---------- THE INPUT ----------
Lemma mink_D_boundary_nsq_ge S o rho p : 0 <= rho ->
  (forall q, S q -> nsq (psub q o) <= rho ^ 2) ->
  boundary (mink_D S) p -> 1 - 3 * rho <= nsq (psub p o).
Proof.
  intros Hrho Hball Hp.
  destruct (mink_D_boundary_near S p 1 Hp ltac:(lra)) as [q [Hq Hnear]].
  pose proof (mink_D_boundary_far S p q Hp Hq) as Hfar.
  specialize (Hball q Hq).
  assert (Hcross : Rabs (dot (psub p q) (psub q o)) <= 3 / 2 * rho).
  { apply Rabs_dot_le; [lra|]. pose proof (nsq_ge0 (psub q o)). nra. }
  replace (psub p o) with (padd (psub p q) (psub q o))
    by (unfold padd, psub; simpl; f_equal; ring).
  rewrite nsq_padd.
  pose proof (Rle_abs (- dot (psub p q) (psub q o))). rewrite Rabs_Ropp in *.
  pose proof (nsq_ge0 (psub q o)). lra.
Qed.

Lemma in_square_nsq_le o eps q : in_square o eps q -> nsq (psub q o) <= (3 / 4 * eps) ^ 2.
Proof.
  intros [Hx Hy]. unfold nsq, psub; cbn [fst snd].
  rewrite <- (pow2_abs (fst q - fst o)), <- (pow2_abs (snd q - snd o)).
  pose proof (Rabs_pos (fst q - fst o)). pose proof (Rabs_pos (snd q - snd o)).
  nra.
Qed.

Lemma is_cw_ang_acos P u : P <> (0, 0) -> nsq u = 1 -> cross P u < 0 ->
  is_cw_ang P u (acos (dot P u / pnorm P)).
Proof.
  intros HP Hu Hx.
  pose proof (pnorm_pos P HP) as HnP. pose proof (pnorm_sq P) as HnP2.
  assert (Hu1 : pnorm u = 1) by (pose proof (pnorm_sq u); pose proof (pnorm_ge0 u); nra).
  assert (Hu0 : u <> (0, 0)) by (intros ->; unfold nsq in Hu; simpl in Hu; lra).
  set (a := pscal (/ pnorm P) P).
  set (c := dot P u / pnorm P).
  set (s := - cross a u).
  assert (Ha : nsq a = 1).
  { unfold a, nsq, pscal; simpl. unfold nsq in HnP2.
    transitivity ((fst P ^ 2 + snd P ^ 2) / (pnorm P * pnorm P)); [field; lra|].
    rewrite <- HnP2. field. lra. }
  assert (Hc : c = dot a u) by (unfold c, a, dot, pscal; simpl; field; lra).
  assert (Hs : 0 < s).
  { unfold s, a, cross, pscal; simpl.
    replace (- (/ pnorm P * fst P * snd u - / pnorm P * snd P * fst u))
      with (/ pnorm P * - cross P u) by (unfold cross; ring).
    apply Rmult_lt_0_compat; [apply Rinv_0_lt_compat|]; lra. }
  assert (Hcs : c ^ 2 + s ^ 2 = 1).
  { pose proof (lagrange_identity a u) as L. rewrite Ha, Hu in L.
    rewrite Hc. unfold s. nra. }
  assert (Hc1 : -1 <= c <= 1) by nra.
  split; [exact HP|]. split; [exact Hu0|]. split.
  - pose proof (acos_bound c). pose proof PI_RGT_0. unfold c in *. lra.
  - cbv zeta. fold a c. rewrite Hu1, Rinv_1, cos_acos, sin_acos by exact Hc1.
    replace (sqrt (1 - c²)) with s
      by (rewrite <- (sqrt_Rsqr s) by lra; f_equal; unfold Rsqr; lra).
    rewrite Hc. unfold s, dot, cross, pscal; unfold nsq in Ha.
    destruct u as [u1 u2], a as [a1 a2]; cbn [fst snd] in *. f_equal.
    + transitivity (u1 * (a1 ^ 2 + a2 ^ 2)); [rewrite Ha; ring | ring].
    + transitivity (u2 * (a1 ^ 2 + a2 ^ 2)); [rewrite Ha; ring | ring].
Qed.

(* [sin (4 e) >= 4 e - (4 e)^3 / 6 >= e] for [e <= 1/10]. *)
Lemma Rabs_asin_le c e : 0 < e <= 1 / 10 -> Rabs c <= e -> Rabs (asin c) <= 4 * e.
Proof.
  intros He Hc. pose proof PI2_3_2.
  destruct (sin_bound (4 * e) 0 ltac:(lra) ltac:(lra)) as [Hsin _].
  unfold sin_approx, sin_term in Hsin; simpl in Hsin.
  assert (H4e : e < sin (4 * e)) by nra.
  assert (Hc' : - e <= c <= e) by (unfold Rabs in Hc; destruct (Rcase_abs c); lra).
  pose proof (sin_asin c ltac:(lra)) as Hsa. pose proof (asin_bound c).
  apply Rabs_le. split.
  - destruct (Rle_lt_dec (- (4 * e)) (asin c)) as [|Hlt]; [assumption|].
    apply sin_increasing_1 in Hlt; try lra. rewrite sin_neg, Hsa in Hlt. lra.
  - destruct (Rle_lt_dec (asin c) (4 * e)) as [|Hlt]; [assumption|].
    apply sin_increasing_1 in Hlt; try lra.
Qed.

Lemma cw_ang_near_right P u e : 0 < e <= 1 / 10 -> P <> (0, 0) -> nsq u = 1 ->
  cross P u < 0 -> Rabs (dot P u) <= e * pnorm P ->
  exists th, is_cw_ang P u th /\ Rabs (th - PI / 2) <= 4 * e.
Proof.
  intros He HP Hu Hx Hdot.
  pose proof (pnorm_pos P HP) as HnP.
  set (c := dot P u / pnorm P).
  assert (Hc : Rabs c <= e).
  { unfold c, Rdiv. rewrite Rabs_mult, (Rabs_right (/ pnorm P))
      by (apply Rle_ge, Rlt_le, Rinv_0_lt_compat, HnP).
    apply Rmult_le_reg_r with (pnorm P); [exact HnP|].
    rewrite Rmult_assoc, Rinv_l by lra. lra. }
  exists (acos c). split; [apply is_cw_ang_acos; assumption|].
  rewrite acos_asin by (unfold Rabs in Hc; destruct (Rcase_abs c); lra).
  replace (PI / 2 - asin c - PI / 2) with (- asin c) by ring.
  rewrite Rabs_Ropp. now apply Rabs_asin_le.
Qed.

Theorem mainTheorem9 (eps : R) (o : pt) (Rg : pt -> Prop) :
  0 < eps <= 1 / 10 ->
  circular_domain Rg ->
  (exists r, Rg r) ->
  (forall r, Rg r -> in_square o eps r) ->
  forall p, boundary (mink_D Rg) p -> non_vertex (mink_D Rg) p ->
    (exists u, tangent_unit (mink_D Rg) p u /\ rotates_cw o p u) /\
    (forall u, tangent_unit (mink_D Rg) p u -> rotates_cw o p u ->
       exists th, is_cw_ang (psub p o) u th /\ Rabs (th - PI / 2) <= 4 * eps).
Proof.
  intros Heps _ _ Hsq p Hp [u0 Hu0].
  assert (Hball : forall q, Rg q -> nsq (psub q o) <= (3 / 4 * eps) ^ 2)
    by (intros q Hq; apply in_square_nsq_le, Hsq, Hq).
  assert (HP : (3 / 4) ^ 2 <= nsq (psub p o))
    by (pose proof (mink_D_boundary_nsq_ge Rg o (3 / 4 * eps) p ltac:(lra) Hball Hp); lra).
  assert (HPn : 3 / 4 <= pnorm (psub p o)) by (apply pnorm_ge_of_nsq; lra).
  assert (Hdot : forall u, tangent_unit (mink_D Rg) p u ->
            Rabs (dot (psub p o) u) <= eps * pnorm (psub p o)).
  { intros u Hu. apply Rle_trans with (3 / 4 * eps).
    - exact (mink_D_tangent_dot_le Rg o (3 / 4 * eps) p u ltac:(lra) Hball Hu).
    - rewrite (Rmult_comm eps). apply Rmult_le_compat_r; lra. }
  split.
  - apply (tangent_cw_exists _ o p u0 Hu0). intros Hx.
    pose proof (lagrange_identity (psub p o) u0) as L.
    rewrite Hx, (tangent_unit_nsq _ _ _ Hu0) in L.
    specialize (Hdot u0 Hu0). rewrite <- (pow2_abs (dot (psub p o) u0)) in L.
    assert (Hsq2 : Rabs (dot (psub p o) u0) ^ 2 <= (eps * pnorm (psub p o)) ^ 2)
      by (apply pow_incr; split; [apply Rabs_pos | exact Hdot]).
    replace ((eps * pnorm (psub p o)) ^ 2) with (eps ^ 2 * nsq (psub p o)) in Hsq2
      by (rewrite <- pnorm_sq; ring).
    assert (eps ^ 2 * nsq (psub p o) <= 1 / 100 * nsq (psub p o))
      by (apply Rmult_le_compat_r; [apply nsq_ge0 | nra]).
    lra.
  - intros u Hu Hcw.
    apply cw_ang_near_right; [exact Heps | | exact (tangent_unit_nsq _ _ _ Hu) | exact Hcw | now apply Hdot].
    intros E. rewrite E in HP. unfold nsq in HP; simpl in HP. lra.
Qed.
----------
#### WHAT YOU ARE ASKED TO DO:
Search the preceding listing for "simpl", then copy every line that holds it.

#### ANSWER AREA:
    by (unfold padd, psub; simpl; f_equal; ring).
  assert (Hu0 : u <> (0, 0)) by (intros ->; unfold nsq in Hu; simpl in Hu; lra).
  { unfold a, nsq, pscal; simpl. unfold nsq in HnP2.
  assert (Hc : c = dot a u) by (unfold c, a, dot, pscal; simpl; field; lra).
  { unfold s, a, cross, pscal; simpl.
  unfold sin_approx, sin_term in Hsin; simpl in Hsin.
    intros E. rewrite E in HP. unfold nsq in HP; simpl in HP. lra.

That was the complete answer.